Every athlete knows that feeling when everything around you slows down, your reflexes quicken, and you know the ball will land in the right place before it even leaves your hand. This phenomenon, known as flow, is the jackpot all athletes strive for in every game; yet most only enter it a very few times in their careers. Elite athletes achieve it more consistently, because they set the correct conditions for flow to occur by using visualization.
Visualization isn’t just crossing your fingers and hoping for a legacy performance. It is the practice of repeatedly recreating the conditions for success in your mind. When you visualize slotting that rolling cross-court knick at 10-10 in the fifth, your brain fires the same neurons that fire when you actually perform the moment. When you think about your shoulder muscles that tense, the weight transfer through your shot, and the snap of your wrist, your brain experiences an echo of what happens when you are actually on the court.
The best visualizers picture every single detail of information—the smells, the sounds, or even how their feet feel in their shoes. Olympic skier Emma Cook said, “You have to smell it.

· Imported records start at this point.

(* In the setting below, let $i\in\{1,\dots,\overline M\}$ with $\overline S_i=S_a\times\{b\}$ and put $\overline\tau^\varepsilon_i:=\tau^\varepsilon_{ab}$. For every bounded continuous $f:[0,\infty)\to\mathbb R$, $$\lim_{\varepsilon\downarrow0}\Big(\mathbb E f\Big(\frac{\overline T^\varepsilon(\bar x_1,\overline S_{j_1})}{\overline\tau^\varepsilon_i}\Big)-\mathbb E f\Big(\frac{\overline T^\varepsilon(\bar x_2,\overline S_{j_2})}{\overline\tau^\varepsilon_i}\Big)\Big)=0$$ uniformly in $\bar x_1,\bar x_2\in\overline S_i$ and $j_1,j_2\in\{1,\dots,\overline M\}$ with $\overline P^\varepsilon_{ij_1},\overline P^\varepsilon_{ij_2}>0$.
   Context: $S$ is a metric space partitioned into disjoint Borel sets $S_1,\dots,S_M$; for $\varepsilon>0$, $Q^\varepsilon$ is a Markov kernel from $S$ to $S\times[0,\infty)$, $P^\varepsilon(x,B)=Q^\varepsilon(x,B\times[0,\infty))$, and for $P^\varepsilon(x,B)>0$, $T^\varepsilon(x,B)$ has law $\mathbb P(T^\varepsilon(x,B)\le t)=Q^\varepsilon(x,B\times[0,t])/P^\varepsilon(x,B)$. Assumptions: $P^\varepsilon(x,S_i)=0$ for $x\in S_i$; for $i\ne j$, either $P^\varepsilon(x,S_j)=0$ for all $x\in S_i,\varepsilon$ (set $P^\varepsilon_{ij}\equiv0$) or it is positive for all $x\in S_i,\varepsilon$ and there are positive $P^\varepsilon_{ij}$ with $P^\varepsilon(x,S_j)/P^\varepsilon_{ij}\to1$ uniformly in $x\in S_i$; for $P^\varepsilon_{ij}\not\equiv0$ there are positive $\tau^\varepsilon_{ij}$ with $\mathbb ET^\varepsilon(x,S_j)/\tau^\varepsilon_{ij}\to1$ uniformly in $x\in S_i$; for every bounded continuous $f$ and $P^\varepsilon_{ij}\not\equiv0$, $\mathbb E f(T^\varepsilon(x_1,S_j)/\tau^\varepsilon_{ij})-\mathbb E f(T^\varepsilon(x_2,S_j)/\tau^\varepsilon_{ij})\to0$ uniformly in $x_1,x_2\in S_i$. Extended process: $\overline S=\{(x,j):x\in S_i,\ P^\varepsilon_{ij}\not\equiv0\}$ with kernel $\overline Q^\varepsilon((x,j),(A\times\{k\})\times I)=\frac{1}{P^\varepsilon(x,S_j)}\int_{A\cap S_j}P^\varepsilon(y,S_k)Q^\varepsilon(x,dy\times I)$; $\overline S$ is partitioned into sets $S_a\times\{b\}$ with $P^\varepsilon_{ab}\not\equiv0$, re-indexed $\overline S_1,\dots,\overline S_{\overline M}$; $\overline P^\varepsilon(\bar x,B)=\overline Q^\varepsilon(\bar x,B\times[0,\infty))$; $\overline T^\varepsilon(\bar x,B)$ has law $\overline Q^\varepsilon(\bar x,B\times\cdot)/\overline P^\varepsilon(\bar x,B)$. If $\overline S_i=S_a\times\{b\}$, $\overline S_j=S_c\times\{d\}$, then $\overline P^\varepsilon_{ij}=P^\varepsilon_{cd}$ if $b=c$ and $\equiv0$ otherwise. *)

From HB Require Import structures.
From mathcomp Require Import all_boot all_order all_algebra.
From mathcomp Require Import all_classical all_reals all_analysis.
Set Implicit Arguments. Unset Strict Implicit. Unset Printing Implicit Defensive.
Import Order.TTheory GRing.Theory Num.Theory.
Import numFieldNormedType.Exports.
Local Open Scope classical_set_scope.
Local Open Scope ring_scope.

Notation borel T := (g_sigma_algebraType (@open T)).

Definition Rnn {R : realType} : set R := [set t : R | 0 <= t].

Section Defs.
Context {R : realType} {d : measure_display} {X : measurableType d}.

(* Q : a kernel from X to X * R (the time component lives in [0,oo)). *)
Variable Q : X -> {measure set (X * R)%type -> \bar R}.

Definition Pk (x : X) (B : set X) : R := fine (Q x (B `*` Rnn)).

(* E g(T(x,B)), where T(x,B) has law Q(x, B x .)/P(x,B) on [0,oo):
   E g(T(x,B)) = (1/P(x,B)) \int_{B x [0,oo)} g(t) Q(x, d(y,t)). *)
Definition ET (x : X) (B : set X) (g : R -> R) : R :=
  fine (\int[Q x]_(z in B `*` Rnn) (g z.2)%:E) / Pk x B.

Definition EmeanT (x : X) (B : set X) : \bar R :=
  ((Pk x B)^-1)%:E * \int[Q x]_(z in B `*` Rnn) (z.2)%:E.

(* For the extended state (x,b) (x in S_b's predecessor
   class, current "target" b) and the target set  A x {k}  with time set I:
   Qbar((x,b),(A x {k}) x I)
     = (1/P(x,S_b)) \int_{(A /\ S_b) x I} P(y,S_k) Q(x, d(y,t)). *)
Definition Qbar (x : X) (Sb : set X) (A : set X) (Sk : set X) (I : set R) : R :=
  (Pk x Sb)^-1 * fine (\int[Q x]_(z in (A `&` Sb) `*` I) (Pk z.1 Sk)%:E).

Definition Pbar (x : X) (Sb A Sk : set X) : R :=
  Qbar x Sb A Sk Rnn.

(* E g(Tbar((x,b), A x {k})) where Tbar has law Qbar((x,b),(A x {k}) x .) /
   Pbar((x,b), A x {k}); i.e. the integral of g against the measure
   I |-> Qbar(...I...), which has density y |-> P(y,S_k)/P(x,S_b)
   with respect to Q(x,.) restricted to (A /\ S_b) x [0,oo). *)
Definition ETbar (x : X) (Sb A Sk : set X) (g : R -> R) : R :=
  (Pk x Sb)^-1 *
  fine (\int[Q x]_(z in (A `&` Sb) `*` Rnn)
          (Pk z.1 Sk * g z.2)%:E) / Pbar x Sb A Sk.

End Defs.

Definition unif_cvg0 {R : realType} {U : Type} (D : set U)
  (F : R -> U -> R) (l : R) : Prop :=
  forall delta : R, 0 < delta -> exists eps0 : R, 0 < eps0 /\
    forall eps : R, 0 < eps -> eps < eps0 ->
      forall u, D u -> `|F eps u - l| < delta.

(* E T(x,B)/tau -> 1 uniformly in x in D as eps -> 0+ (in extended reals,
   so that E T = +oo is excluded eventually) *)
Definition unif_cvg0_mean {R : realType} {U : Type} (D : set U)
  (F : R -> U -> \bar R) (tau : R -> R) : Prop :=
  forall delta : R, 0 < delta -> exists eps0 : R, 0 < eps0 /\
    forall eps : R, 0 < eps -> eps < eps0 ->
      forall u, D u -> (`|F eps u * ((tau eps)^-1)%:E - 1| < delta%:E)%E.

Definition Pnz {R : realType} {M : nat} (Pij : R -> 'I_M -> 'I_M -> R)
  (i j : 'I_M) : Prop := ~ (forall eps : R, 0 < eps -> Pij eps i j = 0).

(* Pbar^eps_{ij} for Sbar_i = S_a x {b}, Sbar_j = S_c x {d} *)
Definition Pbarij {R : realType} {M : nat} (Pij : R -> 'I_M -> 'I_M -> R)
  (eps : R) (i j : 'I_M * 'I_M) : R :=
  if i.2 == j.1 then Pij eps j.1 j.2 else 0.

Definition bdd_cont_nonneg {R : realType} (f : R -> R) : Prop :=
  {within Rnn, continuous f} /\ exists C : R, forall t, Rnn t -> `|f t| <= C.

From HB Require Import structures.
From mathcomp Require Import all_boot all_order all_algebra.
From mathcomp Require Import all_classical all_reals all_analysis.
From mathcomp Require Import ring lra measurable_realfun.
Import Order.TTheory GRing.Theory Num.Theory.
Import numFieldNormedType.Exports.
Local Open Scope classical_set_scope.
Local Open Scope ring_scope.

(* Conditioning the extended process on its next target S_d reweights the law
   of the holding time T(x, S_b) by the density y |-> P(y, S_d) / P(x, S_b).
   As P(y, S_d) / P_bd -> 1 uniformly on S_b, this density is asymptotically
   constant, so the conditioned expectation of f(T / tau_ab) is asymptotically
   the unconditioned one, uniformly in x and in the target.  The uniform weak
   convergence assumed for T(., S_b) on S_a and the triangle inequality then
   conclude. *)

Lemma ratio_perturbation (R : realFieldType) (u v w m e C : R) :
  0 < m -> 0 <= e <= 1/2 ->
  `|u - w| <= e * C * m -> `|v - m| <= e * m -> `|w| <= C * m ->
  `|u / v - w / m| <= 4 * e * C.
Proof.
move=> m0 /andP[e0 e12] uw vm wm.
have C0 : 0 <= C by rewrite -(pmulr_lge0 _ m0) (le_trans _ wm).
have v_ge : m / 2 <= v.
  by move: vm; rewrite ler_norml => /andP[+ _]; nra.
have v0 : 0 < v by lra.
have -> : u / v - w / m = ((u - w) * m - w * (v - m)) / (v * m).
  by field; rewrite gt_eqF ?gt_eqF.
rewrite normrM normfV [`|v * m|]gtr0_norm ?mulr_gt0 // ler_pdivrMr ?mulr_gt0 //.
rewrite (le_trans (ler_normB _ _)) // !normrM (gtr0_norm m0).
have eC0 : 0 <= e * C by rewrite mulr_ge0.
have : `|u - w| * m + `|w| * `|v - m| <= e * C * m * m + C * m * (e * m).
  by rewrite lerD // ?ler_pM2r // ler_pM.
have : 0 <= e * C * m * (4 * v - 2 * m).
  by rewrite !mulr_ge0 ?(ltW m0) // subr_ge0; lra.
by nra.
Qed.

Lemma dist_lt_of_close {R : numDomainType} {x1 x2 y1 y2 r s : R} :
  `|x1 - y1| <= r -> `|x2 - y2| <= r -> `|y1 - y2| < s -> `|x1 - x2| < r + s + r.
Proof.
move=> xy1 xy2 y12.
rewrite (le_lt_trans (ler_distD y1 _ _)) // -addrA ler_ltD //.
by rewrite (le_lt_trans (ler_distD y2 _ _)) // [`|y2 - x2|]distrC ltr_leD.
Qed.

Lemma small_tolerance {R : realFieldType} {C delta : R} : 0 <= C -> 0 < delta ->
  exists eta : R, [/\ 0 < eta, eta <= 1/2 & 12 * eta * C <= delta].
Proof.
move=> C0 delta0; have C1 : 0 < 12 * (C + 1) by lra.
exists (Num.min (1/2) (delta / (12 * (C + 1)))); set eta := Num.min _ _.
have eta_le : eta <= delta / (12 * (C + 1)) by rewrite ge_min lexx orbT.
have eta0 : 0 < eta by rewrite lt_min; apply/andP; split; [lra | exact: divr_gt0].
split => //; first by rewrite ge_min lexx.
by move: eta_le; rewrite ler_pdivlMr //; nra.
Qed.

Lemma near0_forall_fin (R : realDomainType) (I : finType) (P : I -> R -> Prop) :
  (forall i, exists e : R, 0 < e /\ forall eps, 0 < eps -> eps < e -> P i eps) ->
  exists e : R, 0 < e /\ forall eps, 0 < eps -> eps < e -> forall i, P i eps.
Proof.
move=> near_P.
suff [e [e0 Pe]] : exists e : R, 0 < e /\
    forall eps, 0 < eps -> eps < e -> forall i, i \in enum I -> P i eps.
  by exists e; split => // eps eps0 epse i; apply: Pe; rewrite ?mem_enum.
elim: (enum I) => [|i0 s [e [e0 Pe]]].
  by exists 1; split => // eps _ _ i; rewrite in_nil.
have [e' [e'0 Pe']] := near_P i0.
exists (Num.min e e'); split; first by rewrite lt_min e0 e'0.
move=> eps eps0; rewrite lt_min => /andP[epse epse'] i.
by rewrite in_cons => /predU1P[->|]; [exact: Pe' | exact: Pe].
Qed.

Lemma unif_cvg0_on_support {R : realType} {I : finType} {U : Type} {D : set U}
    {p : R -> I -> R} {F : R -> I -> U -> R} {l : R} :
  (forall i, (forall eps, 0 < eps -> p eps i = 0) \/ unif_cvg0 D (F^~ i) l) ->
  forall eta, 0 < eta -> exists e : R, 0 < e /\ forall eps, 0 < eps -> eps < e ->
    forall i, 0 < p eps i -> forall u, D u -> `|F eps i u - l| < eta.
Proof.
move=> p0_or_cvg eta eta0; apply: near0_forall_fin => i.
case: (p0_or_cvg i) => [p0 | /(_ eta eta0)[e [e0 Fe]]].
  by exists 1; split => // eps eps0 _; rewrite p0 // ltxx.
by exists e; split => // eps eps0 epse _; exact: Fe.
Qed.

Section bounded_integrands.
Context {d : measure_display} {T : measurableType d} {R : realType}.
Context {mu : {measure set T -> \bar R}} {A : set T}.
Hypotheses (mA : measurable A) (muA : (mu A < +oo)%E).

Lemma bounded_integrable {g : T -> R} {C : R} : measurable_fun A g ->
  (forall z, A z -> `|g z| <= C) -> mu.-integrable A (EFin \o g).
Proof.
move=> mg gC; apply: measurable_bounded_integrable => //.
exists C; split; first exact: num_real.
by move=> c Cc z Az; apply: le_trans (gC z Az) _; rewrite ltW.
Qed.

Lemma normr_Rintegral_le {g : T -> R} {C : R} : measurable_fun A g ->
  (forall z, A z -> `|g z| <= C) -> `|\int[mu]_(z in A) g z| <= C * fine (mu A).
Proof.
move=> mg gC; have ig := bounded_integrable mg gC.
rewrite (le_trans (le_normr_Rintegral _ _)) // -Rintegral_cst //.
apply: le_Rintegral => //; first exact: integrable_norm.
exact: (bounded_integrable (C := `|C|)).
Qed.

Lemma weighted_mean_near_mean {h g : T -> R} {p C e : R} :
  0 < fine (mu A) -> 0 < p -> 0 <= e <= 1/2 ->
  measurable_fun A h -> measurable_fun A g ->
  (forall z, A z -> `|g z| <= C) -> (forall z, A z -> `|h z - p| <= e * p) ->
  `|(\int[mu]_(z in A) (h z * g z)) / (\int[mu]_(z in A) h z)
    - (\int[mu]_(z in A) g z) / fine (mu A)| <= 4 * e * C.
Proof.
move=> m0 p0 e01 mh mg gC hp.
have hb z : A z -> `|h z| <= p + e * p.
  move=> Az; rewrite -[h z](subrK p) (le_trans (ler_normD _ _)) //.
  by rewrite (gtr0_norm p0) addrC lerD2l hp.
have mhg : measurable_fun A (fun z => h z * g z) by exact: measurable_funM.
have mhp : measurable_fun A (fun z => h z - p) by exact: measurable_funB.
have ih := bounded_integrable mh hb.
have ig := bounded_integrable mg gC.
have ihg : mu.-integrable A (EFin \o (fun z => h z * g z)).
  apply: (bounded_integrable (C := (p + e * p) * C)) => // z Az.
  by rewrite normrM; apply: ler_pM => //; [exact: hb | exact: gC].
have -> : (\int[mu]_(z in A) g z) / fine (mu A)
    = (p * \int[mu]_(z in A) g z) / (p * fine (mu A)).
  by rewrite invfM mulrACA mulfV ?gt_eqF // mul1r.
apply: ratio_perturbation => //; first exact: mulr_gt0.
- rewrite -RintegralZl // -RintegralB //; last exact: (integrableZl mA p ig).
  have -> : e * C * (p * fine (mu A)) = e * p * C * fine (mu A) by ring.
  apply: normr_Rintegral_le => [|z Az].
    by apply: measurable_funB => //; exact: measurable_funM.
  by rewrite -mulrBl normrM; apply: ler_pM => //; [exact: hp | exact: gC].
- have -> : e * (p * fine (mu A)) = e * p * fine (mu A) by ring.
  rewrite -Rintegral_cst // -RintegralB //; last exact: (bounded_integrable (C := `|p|)).
  exact: normr_Rintegral_le.
- have -> : C * (p * fine (mu A)) = p * C * fine (mu A) by ring.
  rewrite -RintegralZl //.
  apply: normr_Rintegral_le => [|z Az]; first exact: measurable_funM.
  by rewrite normrM (gtr0_norm p0) ler_pM2l ?gC.
Qed.

End bounded_integrands.

Lemma measurable_Rnn {R : realType} : measurable (@Rnn R).
Proof.
have -> : @Rnn R = `[0, +oo[%classic.
  by apply/seteqP; split => t; rewrite /Rnn /= in_itv /= andbT.
exact: measurable_itv.
Qed.

Lemma measurable_fun_rescale (R : realType) (f : R -> R) (tau : R) :
  {within Rnn, continuous f} -> 0 < tau ->
  measurable_fun Rnn (fun t => f (t / tau)).
Proof.
move=> cf tau0.
apply: (measurable_comp (F := Rnn) (f := f)) (mulrr_measurable _) => //.
- exact: measurable_Rnn.
- by move=> _ [t t0 <-]; rewrite /Rnn /= divr_ge0 // ltW.
- by apply: subspace_continuous_measurable_fun => //; exact: measurable_Rnn.
Qed.

Section extended_process.
Context {d : measure_display} {X : measurableType d} {R : realType}.
Variable k : R.-fker X ~> (X * R)%type.

Lemma measurable_Pk (B : set X) :
  measurable B -> measurable_fun setT (fun y => Pk k y B).
Proof.
move=> mB; apply: (measurableT_comp (f := fine)); first exact: fine_measurable.
apply: measurable_kernel; exact: measurableX mB measurable_Rnn.
Qed.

You have to hear it. You have to feel it, everything.” The more detail a visualization contains, the more connections you build in your brain, helping you achieve flow.
The biggest barrier standing between you and finding flow is doubt. When your mind stops second-guessing, muscle memory takes the wheel, driving you to success. Take tennis pro Novak Djokovic, for example, who imagines tough points and visualizes how he would overcome each scenario. This provides him with a sense of familiarity, so when he finds himself returning that 149-mile-an-hour serve or a ten-foot-high lob, he has already rehearsed them in his mind. He eliminates self-doubt, because he has been there before—not physically, but mentally.
The players who reach flow constantly are not lucky; rather, they put in the constant work playing out every scenario in their heads, point by point, rally by rally, both the triumphs and the pressure points.
I urge you, before your next game, sit down and close your eyes. Imagine the smell of the fresh cut grass or the tire smell of the squash ball. Feel the tiny pieces of dirt or turf that get stuck in your cleats or hear the scrape of your skates on the ice. Play out every in-game scenario you can think of and visualize what you will do.
An elite athlete is expected to have a strong body and must have an even stronger mind to compete at the highest level. While physical conditioning may be the vehicle, mental conditioning is the engine, and visualization is the key to start up the car.